This is the easiest method in solving quadratic equation as long as the binomial or trinomial is easily factorable. Otherwise, we will need other methods such as completing the square, or using the quadratic formula.

The following diagram illustrates the main approach in solving quadratic equation by factoring method.


Factoring Method

general concept of using the factoring method to solve quadratic equations


The diagram above suggests the following key points:

  • One side of the equation is just zero.
  • The opposite side should contain the factors of the given polynomial.
  • After the two conditions stated above are met, then it is now OKAY to set each factor equal to zero then solve for the value of the unknown variable.

Direction: Solve the following quadratic equations using the Factoring Method.

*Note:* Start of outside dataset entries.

Lemma incidences_le P L : NoDup P -> NoDup L ->
  (incidences P L <= length P + length L + length (incidence_segments P L))%nat.
Proof.
  intros NP NL. unfold incidences.
  replace (length P + length L + length (incidence_segments P L))%nat with (length (witnesses P L))
    by (unfold witnesses; rewrite !length_app, !length_map; lia).
  apply (NoDup_length_le_rel _ _ (incidence_witness P L)).
  - apply NoDup_filter, NoDup_list_prod; auto.
  - intros [p l] H. apply filter_In in H. destruct H as [H Hon]. apply in_prod_iff in H.
    apply on_lineP in Hon. apply incidence_witness_exists; tauto.
  - intros [p l] [p' l'] w H H'. apply filter_In in H, H'.
    destruct H as [H Hon], H' as [H' Hon']. apply in_prod_iff in H, H'. apply on_lineP in Hon, Hon'.
    apply incidence_witness_inj; tauto.
Qed.

Lemma szemeredi_trotter_nat P L k : NoDup P -> NoDup L -> (1 <= k)%nat ->
  (incidences P L * k ^ 2 <=
   (length P + length L) * k ^ 2 + 4 * length P * k ^ 3 + length L * length L)%nat.
Proof.
  intros NP NL Hk.
  pose proof (incidences_le P L NP NL).
  pose proof (crossing_lemma P (incidence_segments P L) k (drawing_incidence_segments P L NP) Hk).
  pose proof (crossings_incidence_segments P L NP NL).
  nia.
Qed.

Lemma szemeredi_trotter P L k : NoDup P -> NoDup L -> (1 <= k)%nat ->
  INR (incidences P L) <=
  INR (length P) + INR (length L) + 4 * INR (length P) * INR k + INR (length L) ^ 2 / INR k ^ 2.
Proof.
  intros NP NL Hk.
  pose proof (szemeredi_trotter_nat P L k NP NL Hk) as H. apply le_INR in H.
  rewrite !plus_INR, !mult_INR, !pow_INR, plus_INR in H. simpl (INR 4) in H.
  assert (Hk' : 1 <= INR k) by (apply (le_INR 1); auto).
  apply (Rmult_le_reg_r (INR k ^ 2)); [apply pow_lt; lra|].
  replace ((INR (length P) + INR (length L) + 4 * INR (length P) * INR k +
            INR (length L) ^ 2 / INR k ^ 2) * INR k ^ 2)
    with ((INR (length P) + INR (length L)) * INR k ^ 2 + 4 * INR (length P) * INR k ^ 3 +
          INR (length L) * INR (length L)) by (field; lra).
  lra.
Qed.
Lemma lt_ab_chord (x z v p : P) : k < n ->
  incAB n k x.1 x.2 -> incAB n k z.1 z.2 -> incAB n k v.1 v.2 ->
  lt_ab x z -> lt_ab z v -> lt_ab v p -> ~~ lt_ab z x -> ~~ lt_ab v z -> ~~ lt_ab v x ->
  [|| lt_ab x v, lt_ab z p | lt_ab x p].
Proof.
rewrite /lt_ab !incAB_cdistn !negbK -!ltnNge => *.
apply: contraT; rewrite !negb_or -!leqNgt => /and3P [*].
exfalso; apply: (@chord_cdistn N k x.1 x.2 z.1 z.2 v.1 v.2 p.2) => //; lia.
Qed.

Definition triangle (S : {set P}) (p q r : P) : bool :=
  [&& p \in S, q \in S, r \in S, lt_ab p q, lt_ab q r & lt_ab r p].

Section TriangleFree.
Variable S : {set P}.
Hypotheses (k_lt_n : k < n) (indepS : independent S)
  (triangle_free : forall p q r, ~~ triangle S p q r).

Definition reach2 (u v : P) : bool := lt_ab u v || [exists z in S, lt_ab u z && lt_ab z v].

Definition rank (u : P) : nat := #|[set v in S | reach2 v u]|.

Lemma reach2_snoc x v p : x \in S -> v \in S -> p \in S ->
  reach2 x v -> lt_ab v p -> reach2 x p.
Proof.
have [incS asymS] := independentP indepS.
move=> xS vS pS /orP [xv|/existsP [z /and3P [zS xz zv]]] vp.
  by apply/orP; right; apply/existsP; exists v; rewrite vS xv vp.
have zx : ~~ lt_ab z x by apply: asymS.
have vz : ~~ lt_ab v z by apply: asymS.
have vx : ~~ lt_ab v x.
  by apply: contraT => /negbNE vx; have := triangle_free x z v; rewrite /triangle xS zS vS xz zv vx.
case/or3P: (lt_ab_chord k_lt_n (incS x xS) (incS z zS) (incS v vS) xz zv vp zx vz vx).
- by move=> xv; apply/orP; right; apply/existsP; exists v; rewrite vS xv vp.
- by move=> zp; apply/orP; right; apply/existsP; exists z; rewrite zS xz zp.
- by move=> xp; rewrite /reach2 xp.
Qed.

Lemma reach2_irrefl v : v \in S -> ~~ reach2 v v.
Proof.
have [incS asymS] := independentP indepS.
move=> vS; rewrite /reach2 negb_or {1}/lt_ab negbK incS //=.
by apply/existsP => -[z /and3P [zS vz zv]]; move: (asymS v z vS zS vz); rewrite zv.
Qed.

Lemma rank_lt v p : v \in S -> p \in S -> lt_ab v p -> rank v < rank p.
Proof.
move=> vS pS vp; apply/proper_card/properP; split.
  apply/subsetP => x; rewrite !inE => /andP [xS xv].
  by rewrite xS (reach2_snoc xS vS pS xv vp).
by exists v; rewrite !inE vS /= ?(negbTE (reach2_irrefl vS)) // /reach2 vp.
Qed.

Definition height (x : crown n k) : nat :=
  match x with
  | inl i => \max_(u in S | u.1 == i) (rank u).+1.*2
  | inr j => (\max_(u in S | ~~ incAB n k u.1 j) (rank u).+1.*2).+1
  end.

1) (x+7)(x-2)=0 See solution
2) -2x^2+6x=0 See solution
3) x^2+3x-10=0 See solution
4) 3x^3-27x=0 See solution
5) x^2+5x+6=20 See solution
6) x^2-x-42=0 exercisesPractice
7) x^2-6x+4=-1 your turnPractice
8) 2x^2+4x-6=0 solve on your ownPractice

Example 1: Solve the quadratic equation (x+7)(x-2)=0 by Factoring Method.

I consider this type of problem as "freebie" because it is already setup for us to find the solutions. Notice that the left side contains factors of some polynomial, and the right side is just zero!

What we need to do is simply set each factor equal to zero, and solve each equation for x.

(x+7)(x-2)=0; x+7=0 or x-2=0; x=-7 and x=2

The answers are x = −7 and x= 2. You may back-substitute these values of x to the original equation to verify if they are true answers. I will leave it to your as an exercise.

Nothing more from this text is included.